Copper increased the toxicity of (1) nitrosonaphthol, ethyl potassium xan-thate and hydroxyquinoline for all species, (2) cupferron for the first three and (3) sodium diethyldithiocarbamate for the ram.
Zinc increased the toxicity of (1) sodium diethyldithiocarbamate, ethyl potassium xanthate and hydroxyquinoline for ram spermatozoa and (2) hydroxyquinoline for bull spermatozoa.
Cadmium increased the toxicity of (1) ethyl potassium xanthate for all species, (2) hydroxyquinoline for the first three, (3) sodium diethyldithiocarbamate for the ram and rabbit and (4) nitrosonaphthol for the ram.
Factorial experiments using bull, ram and rabbit spermatozoa indicated that the spermicidal activity of the metal-chelate mixtures were due to an interaction between the two and not merely additive effects of two spermicidal substances.
Purification of the diluent did not influence the toxicity of the chelating agents to bull, ram or rabbit spermatozoa.

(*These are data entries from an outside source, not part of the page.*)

(* g = lambda(P) = 1 - max(|lambda_2|, |lambda_N|), where
   lambda_1 >= lambda_2 >= ... >= lambda_N are the eigenvalues of P
   (roots of the characteristic polynomial, with multiplicity). *)
Definition spectral_gap (R : rcfType) (N : nat) (P : 'M[R]_N) (g : R) : Prop :=
  exists s : seq R,
    [/\ sorted >=%R s,
        char_poly P = \prod_(x <- s) ('X - x%:P) &
        g = 1 - Num.max `|s`_1| `|s`_(N.-1)| ].

(* Weight each spin configuration by the Potts measure pi.  Both dynamics are
   reversible: pi(s) K(s,t) is a nonnegative combination, over edge sets A, of
   the resampling kernels R_W(s,t) (fresh uniform spins on W), restricted to
   pairs s, t in which every edge of A is monochromatic; for I_SW one takes
   W = isol A, for I_D the average over the tiles x of W = isol A :&: B_x.
   Conjugating by diag(sqrt pi) therefore turns both kernels into symmetric
   matrices built from the same congruences.  The R_W are symmetric and satisfy
   R_W R_U = R_(W :|: U), so they are orthogonal projections and R_J - R_I is
   positive semidefinite when J is a subset of I.  Hence the symmetrised I_SW is
   positive semidefinite and lies below the symmetrised I_D; by Courant-Fischer
   the second eigenvalue of I_SW is at most that of I_D, and nonnegativity of the
   spectrum makes the spectral gap equal to one minus the second eigenvalue. *)

From HB Require Import structures.
From mathcomp Require Import all_boot all_order all_algebra.
From mathcomp Require Import sesquilinear spectral.
From mathcomp.real_closed Require Import complex.
From mathcomp Require Import ring.
Set Implicit Arguments. Unset Strict Implicit. Unset Printing Implicit Defensive.
Import Order.TTheory GRing.Theory Num.Theory.
Local Open Scope ring_scope.
Local Open Scope sesquilinear_scope.
(* Let $n\ge 3$ and let $\mathcal{M}$ be a uniform oriented matroid of rank $3$ on $n$ elements. Then $\operatorname{diam}(G^*(\mathcal{M}))=n-1$ $(=n-r+2)$.
   Context: Sign vectors: for a finite set $E$ and $X\in\{+,-,0\}^E$, write $X^+=\{e:X_e=+\}$, $X^-=\{e:X_e=-\}$, $X^0=\{e:X_e=0\}$, $\operatorname{supp}(X)=X^+\cup X^-$, and $-X$ for the componentwise negation. For sign vectors $X,Y$, the separating set is $S(X,Y)=(X^+\cap Y^-)\cup(X^-\cap Y^+)$, and the composition $X\circ Y$ is given by $(X\circ Y)_e=X_e$ if $X_e\neq 0$ and $(X\circ Y)_e=Y_e$ otherwise. An oriented matroid $\mathcal{M}=(E,\mathcal{C}^* )$ is a finite set $E$ together with a set $\mathcal{C}^*\subseteq\{+,-,0\}^E$ of (signed) cocircuits satisfying: (CC0) $\mathbf{0}\notin\mathcal{C}^*$; (CC1) $X\in\mathcal{C}^*\Rightarrow -X\in\mathcal{C}^*$; (CC2) if $X,Y\in\mathcal{C}^*$ and $\operatorname{supp}(X)\subseteq\operatorname{supp}(Y)$ then $X=\pm Y$; (CC3) if $X,Y\in\mathcal{C}^*$, $X\neq -Y$ and $e\in S(X,Y)$, then there is $Z\in\mathcal{C}^*$ with $Z^+\subseteq (X^+\cup Y^+)\setminus\{e\}$ and $Z^-\subseteq (X^-\cup Y^-)\setminus\{e\}$. The covectors of $\mathcal{M}$ are $\mathbf{0}$ together with all compositions $X^1\circ\cdots\circ X^k$ ($k\ge 1$) of cocircuits, partially ordered componentwise by $0<+$ and $0<-$ ($+,-$ incomparable). The rank $r$ of $\mathcal{M}$ is the largest $k$ such that there is a chain $\mathbf{0}=V_0<V_1<\cdots<V_k$ of covectors. $\mathcal{M}$ is uniform if $|X^0|=r-1$ for every cocircuit $X$. The cocircuit graph $G^*(\mathcal{M})$ has the cocircuits as vertices, with distinct cocircuits $X,Y$ adjacent iff $|X^0\cap Y^0|\ge r-2$ and $S(X,Y)=\emptyset$. $\operatorname{diam}(G^*(\mathcal{M}))$ is the maximum graph distance between two cocircuits. *)

From mathcomp Require Import all_boot.
Set Implicit Arguments. Unset Strict Implicit. Unset Printing Implicit Defensive.

(* Signs are encoded as option bool: None = 0, Some true = +, Some false = -. *)
Notation sign := (option bool).
Notation svec E := {ffun E -> sign}.

Section SignVectors.
Variable E : finType.

Definition sv0 : svec E := [ffun _ => None].
Definition zeros (X : svec E) : {set E} := [set e | X e == None].
Definition supp (X : svec E) : {set E} := [set e | X e != None].
Definition pos (X : svec E) : {set E} := [set e | X e == Some true].
Definition neg (X : svec E) : {set E} := [set e | X e == Some false].
Definition negsv (X : svec E) : svec E := [ffun e => omap negb (X e)].
Definition sep (X Y : svec E) : {set E} :=
  (pos X :&: neg Y) :|: (neg X :&: pos Y).
Definition comp (X Y : svec E) : svec E :=
  [ffun e => if X e is Some b then Some b else Y e].

(* Cocircuit axioms (CC0)-(CC3). *)
Definition oriented_matroid (C : {set svec E}) : Prop :=
  [/\ sv0 \notin C,
      (forall X, X \in C -> negsv X \in C),
      (forall X Y, X \in C -> Y \in C -> supp X \subset supp Y ->
         X = Y \/ X = negsv Y)
    & (forall X Y e, X \in C -> Y \in C -> X <> negsv Y -> e \in sep X Y ->
         exists2 Z, Z \in C &
           pos Z \subset (pos X :|: pos Y) :\ e /\
           neg Z \subset (neg X :|: neg Y) :\ e)].

Definition covector (C : {set svec E}) (V : svec E) : Prop :=
  V = sv0 \/
  exists s : seq (svec E),
    [/\ s != [::], all (fun X => X \in C) s & foldr comp sv0 s = V].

Vitamin B12 (40μ.g. %) did not reduce the toxicity of o-phenanthroline or nitrosonaphthol for bull or ram spermatozoa.
Nickel was almost as effective as cobalt in reducing the toxicity of o-phenan-throline for ram and bull spermatozoa.
ACKNOWLEDGEMENTS
The author wishes to acknowledge his indebtedness to Prof. C. W. Emmens for his interest and advice, to Mr A. W. Blackshaw for collecting ram semen, to the Camden Park Estate for bull semen and to the Women’s Hospital, Sydney, for the supply of human semen.